Rafael Alberti. «Poesía en la depresión»

Poesía en la depresión

José Cueli

En el debate entre Kamala Harris y Mike Pence se repitió la división entre republicanos y demócratas. Destacó, desde mi punto de vista, la sencillez y poesía de Kamala, apostando por los desheredados que tratan de llegar a Estados Unidos y los que son ciudadanos que arribaron de otras naciones y que representan la grandeza del país del norte. Detrás de los migrantes está el miedo a la guerra nuclear, la hambruna, la pandemia, el cambio climático y la violencia racial.

En alguna parte la asocio con el poeta Rafael Alberti cuando llenaba las plazas de toros en España al inicio de la guerra civil con miles de obreros de boina y campesinos de sombrero de ala ancha escuchar un teatro de urgencia, expresión de política comprometida y activismo en la contienda que ensangrentaría a España.
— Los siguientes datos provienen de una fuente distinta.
(* Let $k$ be an algebraically closed field of characteristic $0$, let $f$ be a nonconstant endomorphism of $\mathbb{P}^n_k$, and let $H\subset\mathbb{P}^n$ be a hypersurface. If every irreducible component of $H$ contains a (nonempty) preperiodic subvariety, then $H$ is dynamically improper under $f$.
   Context: An endomorphism of $\mathbb{P}^n$ is a morphism given by homogeneous forms of a common degree with no common nontrivial zero. A nonempty subvariety $X\subset\mathbb{P}^n$ is preperiodic under $f$ if for every irreducible component $Z$ of $X$ there exist distinct nonnegative integers $s,t$ with $f^s(Z)=f^t(Z)$. A hypersurface $H$ is improper under $f$ if for every irreducible component $Z$ of $H$ there exist integers $0\le i_0<\dots<i_n$ with $f^{i_0}(Z)\cap\dots\cap f^{i_n}(Z)\neq\varnothing$; it is dynamically improper under $f$ if it is improper under $f^r$ for every $r>0$. *)

(* Classical projective geometry over
   an algebraically closed field k: points of P^n are represented by nonzero
   vectors v : 'I_(n.+1) -> k (homogeneous coordinates), and subsets of P^n by
   predicates on such vectors that are invariant under nonzero scaling. *)
From HB Require Import structures.
From mathcomp Require Import all_boot all_algebra.
From mathcomp Require Import mpoly.
Set Implicit Arguments. Unset Strict Implicit. Unset Printing Implicit Defensive.
Import GRing.Theory.
Local Open Scope ring_scope.

Section Proj.
Variables (k : fieldType) (n : nat).

Definition hvec := 'I_n.+1 -> k.
Definition nonzero (v : hvec) : Prop := exists i, v i != 0.

Definition pset := hvec -> Prop.
Definition psub (A B : pset) : Prop := forall v, A v -> B v.
Definition peq (A B : pset) : Prop := forall v, A v <-> B v.

Definition is_homog (p : {mpoly k[n.+1]}) : Prop := exists d : nat, p \is d.-homog.

Definition zero_locus (S : {mpoly k[n.+1]} -> Prop) : pset :=
  fun v => nonzero v /\ forall p, S p -> p.@[v] = 0.

Definition zclosed (X : pset) : Prop :=
  exists S : {mpoly k[n.+1]} -> Prop,
    (forall p, S p -> is_homog p) /\ peq X (zero_locus S).

Definition subvariety (X : pset) : Prop := zclosed X /\ exists v, X v.

Definition zirreducible (Z : pset) : Prop :=
  zclosed Z /\ (exists v, Z v) /\
  forall A B : pset, zclosed A -> zclosed B ->
    psub Z (fun v => A v \/ B v) -> psub Z A \/ psub Z B.

Definition irr_component (X Z : pset) : Prop :=
  zirreducible Z /\ psub Z X /\
  forall Z', zirreducible Z' -> psub Z Z' -> psub Z' X -> psub Z' Z.

Definition hypersurface (H : pset) : Prop :=
  exists (p : {mpoly k[n.+1]}) (d : nat),
    (0 < d)%N /\ p != 0 /\ p \is d.-homog /\ peq H (zero_locus (fun q => q = p)).

Definition endomorphism (F : 'I_n.+1 -> {mpoly k[n.+1]}) (d : nat) : Prop :=
  (forall i, F i \is d.-homog) /\
  (forall v : hvec, (forall i, (F i).@[v] = 0) -> forall i, v i = 0).

Definition pimage (F : 'I_n.+1 -> {mpoly k[n.+1]}) (Z : pset) : pset :=
  fun w => exists v mu, Z v /\ mu != 0 /\ forall i, w i = mu * (F i).@[v].

Definition piter (F : 'I_n.+1 -> {mpoly k[n.+1]}) (s : nat) (Z : pset) : pset :=
  iter s (pimage F) Z.

Definition preperiodic (F : 'I_n.+1 -> {mpoly k[n.+1]}) (X : pset) : Prop :=
  forall Z, irr_component X Z ->
    exists s t : nat, s <> t /\ peq (piter F s Z) (piter F t Z).

Definition improper_iter (F : 'I_n.+1 -> {mpoly k[n.+1]}) (r : nat) (H : pset) : Prop :=
  forall Z, irr_component H Z ->
    exists idx : 'I_n.+1 -> nat,
      (forall a b : 'I_n.+1, (a < b)%N -> (idx a < idx b)%N) /\
      exists v, forall j : 'I_n.+1, piter F (r * idx j) Z v.

Definition dyn_improper (F : 'I_n.+1 -> {mpoly k[n.+1]}) (H : pset) : Prop :=
  forall r : nat, (0 < r)%N -> improper_iter F r H.

End Proj.

(* Only the dynamics is used: if a component W of a preperiodic subvariety
   satisfies f^s(W) = f^(s+p)(W) with p > 0, then f^s(W) = f^(s+cp)(W) for
   every c, so the points of f^((r-1)s)(f^s(W)) lie in every
   f^(r(s+jp))(W), hence in every f^(r(s+jp))(Z) for the component Z of H
   containing W.  The only geometric input is that a nonempty closed set has an
   irreducible component, obtained by Zorn's lemma from maximal irreducible
   subsets, which are automatically closed. *)
From HB Require Import structures.
From mathcomp Require Import all_boot all_algebra.
From mathcomp Require Import mpoly.
From mathcomp Require classical_sets.
From mathcomp Require Import zify.
From Stdlib Require Import Classical.
Set Implicit Arguments.
Unset Strict Implicit.
Unset Printing Implicit Defensive.
Import GRing.Theory.
Local Open Scope ring_scope.

Lemma Zorn_subset (T : Type) (P : (T -> Prop) -> Prop) :
  (forall C : (T -> Prop) -> Prop, (forall X, C X -> P X) ->
     (forall A B, C A -> C B -> (forall x, A x -> B x) \/ (forall x, B x -> A x)) ->
     P (fun x => exists X, C X /\ X x)) ->
  exists A, P A /\ forall B, (forall x, A x -> B x) -> P B -> forall x, B x -> A x.
Proof.
move=> Pchain.
have [A [PA Amax]] : exists A, P A /\ (forall B, classical_sets.proper A B -> ~ P B).
  apply: classical_sets.Zorn_bigcup => C CP Ctot.
  have -> : classical_sets.bigcup C id = (fun x => exists X, C X /\ X x).
    apply: boolp.funext => x; apply: boolp.propext.
    by split=> [[X CX Xx]|[X [CX Xx]]]; exists X.
  by apply: Pchain => // A B CA CB; apply: Ctot.
exists A; split => // B AB PB x Bx; apply: NNPP => nAx.
by apply: (Amax B) => //; split => // BA; apply/nAx/BA.
Qed.

Section Iterates.
Variables (k : fieldType) (n : nat) (F : 'I_n.+1 -> {mpoly k[n.+1]}).
Implicit Types (A B W : pset k n).

Lemma pimage_sub A B : psub A B -> psub (pimage F A) (pimage F B).
Proof. by move=> AB w [v [mu [Av muw]]]; exists v, mu; split => //; apply: AB. Qed.

Lemma piter_sub m A B : psub A B -> psub (piter F m A) (piter F m B).
Proof. by move=> AB; elim: m => //= m; apply: pimage_sub. Qed.

Lemma piter_peq m A B : peq A B -> peq (piter F m A) (piter F m B).
Proof.
by move=> AB w; split; apply: piter_sub => v; case: (AB v).
Qed.

Lemma piterD a b A : piter F (a + b) A = piter F a (piter F b A).
Proof. exact: iterD. Qed.

Lemma piter_nonempty m A : (exists v, A v) -> exists v, piter F m A v.
Proof.
move=> A0; elim: m => [//|m [v Hv]] /=.
exists (fun i => (F i).@[v]), v, 1; split=> //; split; first exact: oner_neq0.
by move=> i; rewrite mul1r.
Qed.

Lemma piter_periodic s p W :
  peq (piter F s W) (piter F (s + p) W) ->
  forall c, peq (piter F s W) (piter F (s + c * p) W).
Proof.
move=> per; elim=> [|c IH] v; first by rewrite mul0n addn0.
have -> : (s + c.+1 * p = c * p + (s + p))%N by rewrite mulSn; lia.
by rewrite (IH v) (addnC s) !(piterD (c * p)); apply: piter_peq per v.
Qed.

(* The indices s + j p, scaled by r, all land on the cycle of f^s(W) after the
   common offset (r - 1) s. *)
Lemma piter_cycle_common_point r s p W : (0 < r)%N ->
  (exists v, W v) -> peq (piter F s W) (piter F (s + p) W) ->
  exists v, forall j : nat, piter F (r * (s + j * p)) W v.
Proof.
move=> r0 W0 per; pose m0 := ((r - 1) * s)%N.
have [v Hv] := piter_nonempty (m0 + s) W0; exists v => j.
have -> : (r * (s + j * p) = m0 + (s + (r * j) * p))%N.
  have : (s <= r * s)%N by rewrite leq_pmull.
  rewrite /m0 mulnDr mulnA mulnBl mul1n; lia.
by rewrite piterD -(piter_peq m0 (piter_periodic per (r * j))) -piterD.
Qed.

End Iterates.

Section Components.
Variables (k : fieldType) (n : nat).
Implicit Types (A B X : pset k n).

Definition zclosure A : pset k n :=
  zero_locus (fun p => is_homog p /\ forall v, A v -> p.@[v] = 0).

Lemma zclosure_closed A : zclosed (zclosure A).
Proof. by exists (fun p => is_homog p /\ forall v, A v -> p.@[v] = 0); split => // p []. Qed.

Lemma zclosure_min A B : zclosed B -> psub A B -> psub (zclosure A) B.
Proof.
move=> [S [Shom BS]] AB v [v0 Av]; apply/BS; split => // p Sp.
apply: Av; split; first exact: Shom.
by move=> w Aw; have [_ ->] := (BS w).1 (AB w Aw).
Qed.

Lemma sub_zclosure A : (forall v, A v -> nonzero v) -> psub A (zclosure A).
Proof. by move=> A0 v Av; split; [exact: A0 | move=> p [_ ->]]. Qed.

Definition irreducible_cover A := forall A1 A2 : pset k n, zclosed A1 -> zclosed A2 ->
  psub A (fun v => A1 v \/ A2 v) -> psub A A1 \/ psub A A2.

Lemma irreducible_cover_zclosure A :
  (forall v, A v -> nonzero v) -> irreducible_cover A -> irreducible_cover (zclosure A).
Proof.
move=> A0 Airr A1 A2 c1 c2 cover.
have : psub A (fun v => A1 v \/ A2 v) by move=> v Av; apply/cover/sub_zclosure.
by case/(Airr A1 A2 c1 c2) => ?; [left | right]; apply: zclosure_min.
Qed.

Lemma irreducible_cover_chain (C : pset k n -> Prop) :
  (forall Y, C Y -> irreducible_cover Y) ->
  (forall A B, C A -> C B -> psub A B \/ psub B A) ->
  irreducible_cover (fun v => exists Y, C Y /\ Y v).
Proof.
move=> Cirr Ctot A1 A2 c1 c2 cover.
have coverY Y : C Y -> psub Y A1 \/ psub Y A2.
  by move=> CY; apply: Cirr => // v Yv; apply: cover; exists Y.
case: (classic (forall Y, C Y -> psub Y A1)) => [all1|/not_all_ex_not [Y0]].
  by left => v [Y [CY Yv]]; apply: all1 CY _ Yv.
move=> /(imply_to_and (C Y0)) [CY0 nY0A1].
have Y0A2 : psub Y0 A2 by case: (coverY Y0 CY0).
right => v [Y [CY Yv]]; case: (coverY Y CY) => [YA1|]; last exact.
case: (Ctot Y Y0 CY CY0) => [YY0|Y0Y]; first exact/Y0A2/YY0.
by case: nY0A1 => w /Y0Y; apply: YA1.
Qed.

Lemma zclosed_nonzero X v : zclosed X -> X v -> nonzero v.
Proof. by move=> [S [_ XS]] /XS []. Qed.

Lemma exists_irr_component X : subvariety X -> exists W, irr_component X W.
Proof.
move=> [Xc [x Xx]].
pose P A := psub A X /\ irreducible_cover A.
have [A [[AX Airr] Amax]] : exists A, P A /\
    forall B, (forall v, A v -> B v) -> P B -> forall v, B v -> A v.
  apply: Zorn_subset => C CP Ctot; split.
    by move=> v [Y [CY Yv]]; apply: (CP Y CY).1.
  by apply: irreducible_cover_chain => [Y /CP []|].
have A0 v : A v -> nonzero v by move/AX; apply: zclosed_nonzero.
have clA : psub (zclosure A) A.
  apply: Amax; first exact: sub_zclosure.
  by split; [apply: zclosure_min | apply: irreducible_cover_zclosure].
have Aclosed : zclosed A.
  have [S [Shom E]] := zclosure_closed A.
  exists S; split => // v; split => [/sub_zclosure Acl|/E /clA //].
  exact/E/Acl.
have Ax : exists v, A v.
  (* a maximal irreducible set cannot be empty: the singleton {x} is irreducible *)
  apply: NNPP => Aempty; apply: (Aempty); exists x; apply: (Amax (fun v => v = x)).
  - by move=> v Av; case: Aempty; exists v.
  - split=> [v -> //|A1 A2 _ _ cover].
    by case: (cover x erefl) => ?; [left | right] => v ->.
  - by [].
exists A; split; first by split.
by split=> // Z' [_ [_ Z'irr]] AZ' Z'X; apply: Amax.
Qed.

End Components.

Theorem mainTheorem7 (k : closedFieldType) (n : nat)
  (F : 'I_n.+1 -> {mpoly k[n.+1]}) (d : nat) (H : pset k n) :
  [pchar k] =i pred0 ->
  endomorphism F d -> (0 < d)%N ->
  hypersurface H ->
  (forall Z, irr_component H Z ->
     exists X, subvariety X /\ psub X Z /\ preperiodic F X) ->
  dyn_improper F H.
Proof.
move=> _ _ _ _ HZpre r r0 Z HZ.
have [X [Xsub [XZ Xpre]]] := HZpre Z HZ.
have [W XW] := exists_irr_component Xsub.
have [[_ [W0 _]] [WX _]] := XW.
have [s [t [st per]]] := Xpre W XW.
wlog lt_st : s t st per / (s < t)%N.
  move=> wl; case: (ltngtP s t) => [|ts|//]; first exact: wl.
  by apply: (wl t s) => // [/esym //|v]; split => /per.
have [p [p0 def_t]] : exists p, (0 < p)%N /\ t = (s + p)%N.
  by exists (t - s)%N; split; [rewrite subn_gt0 | lia].
rewrite {}def_t in per.
have [v Hv] := piter_cycle_common_point r0 W0 per.
exists (fun j : 'I_n.+1 => (s + j * p)%N); split.
  by move=> a b ab; rewrite ltn_add2l ltn_mul2r p0.
have WZ : psub W Z by move=> w /WX /XZ.
by exists v => j; exact: piter_sub WZ _ (Hv j).
Qed.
Decía Alberti: Me levanto y miro ¡sangre a la derecha, / a la izquierda, sangre. / Mañana dejo mi casa / dejó los bueyes y el pueblo./ ¡Salud! ¿ Adónde vas, dime? Voy al quinto regimiento / soy del quinto regimiento.

Entrado en gastos canto por las alegrías del famoso galope de musicalidad flamenca en la que vibró Andalucía: Las tierras, las tierras, las tierras de España / las grandes, las solas, desiertas llanuras / galopa caballo cuatralbo / jinete del pueblo / al sol y la luna, / galopa, galopa / hasta enterrarlos en la mar / a corazón suenan, resuenan, resuenan / las tierras de España en las herraduras. / Galopa, jinete del pueblo, / caballo cuatralbo, caballo de espuma / Galopa, galopa…

Y venga ritmo, taconeo con redoble de palmas en un constante estribillo: las tierras, las tierras, las tierras / suenan, resuenan / galopa, galopa caballo cuatralbo / galopa, galopa que la tierra es tuya.

Insistente ritmo sexual de las estrofas que convergen en la expresión imaginativa del sonido del galope continuo in crescendo… Galopa, galopa, suena, suena, resuena; anda venga, niña, galopa, galopa, suenan las palmas.

Rafael Alberti, el de las deliciosas y alambicada frase que galopa y deja oír las pisadas de caballos y bailaoras, toros y toreros, despliega mi memoria hasta los recovecos inconscientes y silenciosos del deseo andaluz en una poesía que recoge el deseo español en su galopar, estremecido hasta la excitación y el vértigo del cálculo gozoso de una sexualidad exuberante que galopa y resuena.

La poesía de Rafael Alberti me vincula con la expresión no verbal poética de Kamala sobre los desheredados de su país. Poesía que es galopar de caballos cuatralbos, sorpresivos, pero que no serán inesperados, girando en formas acrobáticas y locuaces, estilizadas y lúdicas que suenan, suenan y resuenan en la noche americana.